The art of zoning your landscape has great merit and using plants that will not add to the combustibility around the home is a key component.

Having garden hoses in place and maybe a submersible pump in a pool or body of water like a Jacuzzi might aid in wetting down the environment as a fire might be approaching.

Proper tree and shrub maintenance should be an annual chore. Keeping the plants well hydrated, so they are not in a water stress mode, will be helpful. When plants are stressed, they become prone to the quagmire of insects like the gold-spotted oak borer and the western bark beetle.

It is estimated that in our California forests, there are over 100 million dead or dying trees, pines, cedars, oaks and others. This fuel load must be managed; forest thinning and prescribed burns are ways of cutting down on the complexity of fires.

Contact your local fire department to come to evaluate your property and give a report on what needs to be done and implement it.

The wildland-urban interface where housing and wildland areas meet is linked to the biodiversity of land, water and air quality, so we need to plan for smarter communities. There are many solutions out there, but it will take planning, implementation and is not a quick fix which has been stated by fire officials.

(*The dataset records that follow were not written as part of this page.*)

(* Let $\mathscr D:\mathscr N=\mathscr N_1\cup\cdots\cup\mathscr N_k$ be a pairwise min-max decomposition of a chemical reaction network $\mathscr N$ such that every linkage class of $\mathscr N$ contains at most one common complex. Then $\mathscr D$ is incidence independent.
   Context: A CRN $\mathscr N=(\mathscr S,\mathscr C,\mathscr R)$ is viewed as a directed graph on its complexes with arcs its reactions; linkage classes are the connected components of the underlying undirected graph. A decomposition $\mathscr N=\mathscr N_1\cup\cdots\cup\mathscr N_k$ ($k\ge2$) is given by a partition $\{\mathscr R_1,\dots,\mathscr R_k\}$ of the reaction set; the subnetwork $\mathscr N_i$ has reactions $\mathscr R_i$ and complex set $\mathscr C_i$ consisting of the complexes occurring in reactions of $\mathscr R_i$. The set $\mathscr C_{\mathscr D}$ of common complexes consists of the complexes lying in the complex sets of at least two distinct subnetworks. The decomposition is pairwise min-max (PMM) if for all $i\ne j$, either $\mathscr C_i\cap\mathscr C_j=\varnothing$ or $\mathscr C_i\cap\mathscr C_j=\mathscr C_{\mathscr D}$. With $n,\ell$ the numbers of complexes and linkage classes of $\mathscr N$ and $n_i,\ell_i$ those of $\mathscr N_i$, the decomposition is incidence independent if the image of the incidence map of $\mathscr N$ (the linear map $\mathbb R^{\mathscr R}\to\mathbb R^{\mathscr C}$ sending a reaction $y\to y'$ to $\omega_{y'}-\omega_y$) is the direct sum of the images of the incidence maps of the $\mathscr N_i$, equivalently $n-\ell=\sum_i(n_i-\ell_i)$. *)

From HB Require Import structures.
From Stdlib Require Import Rdefinitions.
From mathcomp Require Import all_boot all_order all_algebra.
From mathcomp Require Import Rstruct.
Set Implicit Arguments. Unset Strict Implicit. Unset Printing Implicit Defensive.
Import GRing.Theory Num.Theory.
Local Open Scope ring_scope.
Notation R := Rdefinitions.R.

Definition is_crn (C Rx : finType) (src tgt : Rx -> C) : Prop :=
  [/\ forall r, src r != tgt r,
      forall c, exists r, src r = c \/ tgt r = c
    & injective (fun r => (src r, tgt r))].

Definition adj (C Rx : finType) (src tgt : Rx -> C) : rel C :=
  fun x y => [exists r, ((src r == x) && (tgt r == y)) || ((src r == y) && (tgt r == x))].

Definition same_linkage_class (C Rx : finType) (src tgt : Rx -> C) : rel C :=
  connect (adj src tgt).

(* A decomposition into k subnetworks: part r = i means r belongs to R_i.
   It is a partition of the reaction set into k (nonempty) blocks, k >= 2. *)
Definition is_decomposition (Rx : finType) (k : nat) (part : Rx -> 'I_k) : Prop :=
  (2 <= k)%N /\ forall i : 'I_k, exists r, part r = i.

Definition sub_complexes (C Rx : finType) (src tgt : Rx -> C) (k : nat)
    (part : Rx -> 'I_k) (i : 'I_k) : {set C} :=
  [set c | [exists r, (part r == i) && ((src r == c) || (tgt r == c))]].

Definition common_complexes (C Rx : finType) (src tgt : Rx -> C) (k : nat)
    (part : Rx -> 'I_k) : {set C} :=
  [set c | [exists i, exists j, [&& i != j, c \in sub_complexes src tgt part i
                                         & c \in sub_complexes src tgt part j]]].

Definition is_PMM (C Rx : finType) (src tgt : Rx -> C) (k : nat)
    (part : Rx -> 'I_k) : Prop :=
  forall i j : 'I_k, i != j ->
    sub_complexes src tgt part i :&: sub_complexes src tgt part j = set0 \/
    sub_complexes src tgt part i :&: sub_complexes src tgt part j
      = common_complexes src tgt part.

(* Incidence vector of reaction r = (y -> y') in R^C : omega_{y'} - omega_y,
   coordinates indexed by enum C. *)
Definition inc_vec (C Rx : finType) (src tgt : Rx -> C) (r : Rx) : 'rV[R]_#|C| :=
  \row_j (((enum_val j == tgt r)%:R : R) - (enum_val j == src r)%:R).

(* Matrix whose row space is the image of the incidence map of the
   network restricted to the reactions satisfying P (rows of other
   reactions are zero). *)
Definition inc_mx (C Rx : finType) (src tgt : Rx -> C) (P : pred Rx)
    : 'M[R]_(#|Rx|, #|C|) :=
  \matrix_i (if P (enum_val i) then inc_vec src tgt (enum_val i) else 0).

(* image of the incidence map of the subnetwork N_i (as a canonical square
   matrix whose row space is that image) *)
Definition sub_inc_mx (C Rx : finType) (src tgt : Rx -> C) (k : nat)
    (part : Rx -> 'I_k) (i : 'I_k) : 'M[R]_#|C| :=
  let A := inc_mx src tgt (fun r => part r == i) in (<< A >>)%MS.

Definition incidence_independent (C Rx : finType) (src tgt : Rx -> C) (k : nat)
    (part : Rx -> 'I_k) : Prop :=
  ((\sum_(i < k) sub_inc_mx src tgt part i)%MS == inc_mx src tgt predT)%MS
  /\ mxdirect (\sum_(i < k) sub_inc_mx src tgt part i)%MS.

From HB Require Import structures.
From mathcomp Require Import all_boot all_order all_algebra.
From mathcomp Require Import Rstruct.
Set Implicit Arguments. Unset Strict Implicit. Unset Printing Implicit Defensive.
Import GRing.Theory.
Local Open Scope ring_scope.

(* Suppose vectors v_j in the images of the blocks N_j sum to zero; we show
   every v_j vanishes.  A vector in the image of the incidence map of a set of
   reactions sums to zero over any set of complexes closed under those
   reactions.  Applied to singletons, v_j vanishes off C_j, hence (the v_j
   summing to zero) off the common complexes.  Applied to the connected
   component in N_j of a common complex x, whose other complexes lie in the
   linkage class of x and so are not common, it gives v_j(x) = 0 as well. *)

Lemma sum0_mxdirect_sums (F : fieldType) (I : finType) n (A_ : I -> 'M[F]_n) :
  (forall v : I -> 'rV[F]_n, (forall i, v i <= A_ i)%MS ->
     \sum_i v i = 0 -> forall i, v i = 0) ->
  mxdirect (\sum_i A_ i).
Proof.
move=> indepA; apply/mxdirect_sumsP => i _; apply/eqP; rewrite -submx0.
apply/row_subP => r; rewrite submx0; set w := row r _.
have wAi : (w <= A_ i)%MS by rewrite (submx_trans (row_sub r _)) ?capmxSl.
have /sub_sumsmxP[u wE] : (w <= \sum_(j | j != i) A_ j)%MS.
  by rewrite (submx_trans (row_sub r _)) ?capmxSr.
pose v j := if j == i then - w else u j *m A_ j.
have vA j : (v j <= A_ j)%MS.
  by rewrite /v; case: eqP => [->|_]; rewrite ?eqmx_opp ?submxMl.
have sum_v0 : \sum_j v j = 0.
  rewrite (bigD1 i) //= {1}/v eqxx wE addrC; apply/eqP; rewrite subr_eq0.
  by apply/eqP/eq_bigr => j /negbTE ij; rewrite /v ij.
by have := indepA v vA sum_v0 i; rewrite /v eqxx => /eqP; rewrite oppr_eq0.
Qed.

Section IncidenceImage.

Variables (C Rx : finType) (src tgt : Rx -> C).

Definition sub_adj (P : pred Rx) : rel C :=
  fun x y => [exists r, P r &&
    (((src r == x) && (tgt r == y)) || ((src r == y) && (tgt r == x)))].

Lemma sub_adj_sym (P : pred Rx) : symmetric (sub_adj P).
Proof.
by move=> x y; apply/existsP/existsP => -[r]; exists r; rewrite orbC.
Qed.

Lemma sub_adj_reaction (P : pred Rx) r : P r -> sub_adj P (src r) (tgt r).
Proof. by move=> Pr; apply/existsP; exists r; rewrite Pr !eqxx. Qed.

Lemma sum_inc_vec_closed r (S : {pred C}) :
  (src r \in S) = (tgt r \in S) ->
  \sum_(c in S) inc_vec src tgt r 0 (enum_rank c) = 0.
Proof.
have sum_eq (t : C) : \sum_(c in S) ((c == t)%:R : R) = (t \in S)%:R.
  rewrite big_mkcond (bigD1 t) //= eqxx big1 ?addr0 => [|c /negbTE ct].
    by case: (t \in S).
  by rewrite ct if_same.
move=> srcS; under eq_bigr do rewrite mxE enum_rankK.
by rewrite sumrB !sum_eq srcS subrr.
Qed.

Lemma sum_row_inc_mx_closed (P : pred Rx) (S : {pred C}) (w : 'rV[R]_#|C|) :
  closed (sub_adj P) S -> (w <= inc_mx src tgt P)%MS ->
  \sum_(c in S) w 0 (enum_rank c) = 0.
Proof.
move=> closedS /submxP[D ->].
under eq_bigr do rewrite mxE.
rewrite exchange_big big1 // => i _; rewrite -mulr_sumr.
under eq_bigr do rewrite mxE.
case: ifP => [Pi | _]; last by rewrite big1 ?mulr0 // => c _; rewrite mxE.
by rewrite sum_inc_vec_closed ?mulr0 // (closedS _ _ (sub_adj_reaction Pi)).
Qed.

Lemma inc_mx_sub (P Q : pred Rx) :
  {subset P <= Q} -> (inc_mx src tgt P <= inc_mx src tgt Q)%MS.
Proof.
move=> PQ; apply/row_subP => i; rewrite rowK.
case: ifP => [Pi | _]; last exact: sub0mx.
have Qi : Q (enum_val i) by exact: PQ.
by have := row_sub i (inc_mx src tgt Q); rewrite rowK Qi.
Qed.

Lemma connect_sub_adj_linkage (P : pred Rx) :
  subrel (connect (sub_adj P)) (same_linkage_class src tgt).
Proof.
apply: connect_sub => x y /existsP[r /andP[_ xy]].
by apply: connect1; apply/existsP; exists r.
Qed.

Variables (k : nat) (part : Rx -> 'I_k).

Local Notation block j := (fun r : Rx => part r == j).

Lemma inc_mx_blocks :
  inc_mx src tgt predT = \sum_j inc_mx src tgt (block j).
Proof.
apply/matrixP => r c; rewrite summxE (bigD1 (part (enum_val r))) //= big1.
  by rewrite addr0 [LHS]mxE [RHS]mxE eqxx.
by move=> j jr; rewrite mxE eq_sym (negbTE jr) mxE.
Qed.

Lemma sums_sub_inc_mx :
  (\sum_j sub_inc_mx src tgt part j == inc_mx src tgt predT)%MS.
Proof.
apply/andP; split.
  by apply/sumsmx_subP => j _; rewrite genmxE inc_mx_sub.
by rewrite inc_mx_blocks summx_sub_sums // => j _; rewrite genmxE.
Qed.

Lemma closed_notin_sub_complexes j x :
  x \notin sub_complexes src tgt part j -> closed (sub_adj (block j)) [set x].
Proof.
rewrite inE => /existsPn x_notin y z /existsP[r /andP[jr yz]].
move: (x_notin r); rewrite jr negb_or => /andP[/negbTE srcx /negbTE tgtx].
by case/orP: yz => /andP[/eqP <- /eqP <-]; rewrite !inE srcx tgtx.
Qed.

Lemma row_inc_mx_notin_sub_complexes j (w : 'rV[R]_#|C|) x :
  (w <= inc_mx src tgt (block j))%MS -> x \notin sub_complexes src tgt part j ->
  w 0 (enum_rank x) = 0.
Proof.
move=> wj /closed_notin_sub_complexes closedx.
have := sum_row_inc_mx_closed closedx wj.
by rewrite big_set1.
Qed.

Section BlockRelation.

Variable v : 'I_k -> 'rV[R]_#|C|.
Hypotheses (v_block : forall j, (v j <= inc_mx src tgt (block j))%MS)
           (sum_v0 : \sum_j v j = 0).

Lemma block_row_off_common j x :
  x \notin common_complexes src tgt part -> v j 0 (enum_rank x) = 0.
Proof.
move=> x_notin; have [xj|] := boolP (x \in sub_complexes src tgt part j);
  last exact: row_inc_mx_notin_sub_complexes.
have : (\sum_l v l) 0 (enum_rank x) = 0 by rewrite sum_v0 mxE.
rewrite summxE (bigD1 j) //= big1 ?addr0 // => l lj.
apply: row_inc_mx_notin_sub_complexes (v_block l) _.
apply: contra x_notin => xl.
rewrite inE; apply/existsP; exists j; apply/existsP; exists l.
by rewrite eq_sym lj xj xl.
Qed.

Hypothesis one_common_per_class : forall c d,
  c \in common_complexes src tgt part -> d \in common_complexes src tgt part ->
  same_linkage_class src tgt c d -> c = d.

Lemma block_relation_trivial j : v j = 0.
Proof.
apply/rowP => l; rewrite mxE -(enum_valK l); set x := enum_val l.
have [x_common|] := boolP (x \in common_complexes src tgt part);
  last exact: block_row_off_common.
have closed_comp : closed (sub_adj (block j)) (connect (sub_adj (block j)) x).
  by apply: connect_closed; apply/sym_connect_sym/sub_adj_sym.
have := sum_row_inc_mx_closed closed_comp (v_block j).
rewrite (bigD1 x) /=; last exact: connect0.
rewrite big1 ?addr0 // => c /andP[xc cx].
apply: block_row_off_common; apply: contra cx => c_common.
have link_xc := connect_sub_adj_linkage xc.
by rewrite -(one_common_per_class x_common c_common link_xc).
Qed.

End BlockRelation.

End IncidenceImage.

Theorem proposition6 (C Rx : finType) (src tgt : Rx -> C) (k : nat)
    (part : Rx -> 'I_k) :
  is_crn src tgt ->
  is_decomposition part ->
  is_PMM src tgt part ->
  (forall c d, c \in common_complexes src tgt part ->
               d \in common_complexes src tgt part ->
               same_linkage_class src tgt c d -> c = d) ->
  incidence_independent src tgt part.
Proof.
move=> _ _ _ one_common_per_class; split; first exact: sums_sub_inc_mx.
apply: sum0_mxdirect_sums => v v_block sum_v0.
apply: block_relation_trivial sum_v0 one_common_per_class => j.
by have := v_block j; rewrite /sub_inc_mx genmxE.
Qed.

The ever-changing weather patterns play a large part in a global challenge, and residents must adopt new thinking for our communities regarding fire.

The rainforest needs to replenish the trees that are being lost to slash cutting in the Amazon basin, and the trees that are dying from insects and pathological diseases throughout the world.

Wintertime is a good season for planting trees, both ornamental and fruiting trees that you can be harvested for your table. Also, act locally and think globally. We all have one home, and that is planet Earth. So, for 2019 make a new commitment to work for the good of all including Mother Earth.

“May the forests be with you, and yours.”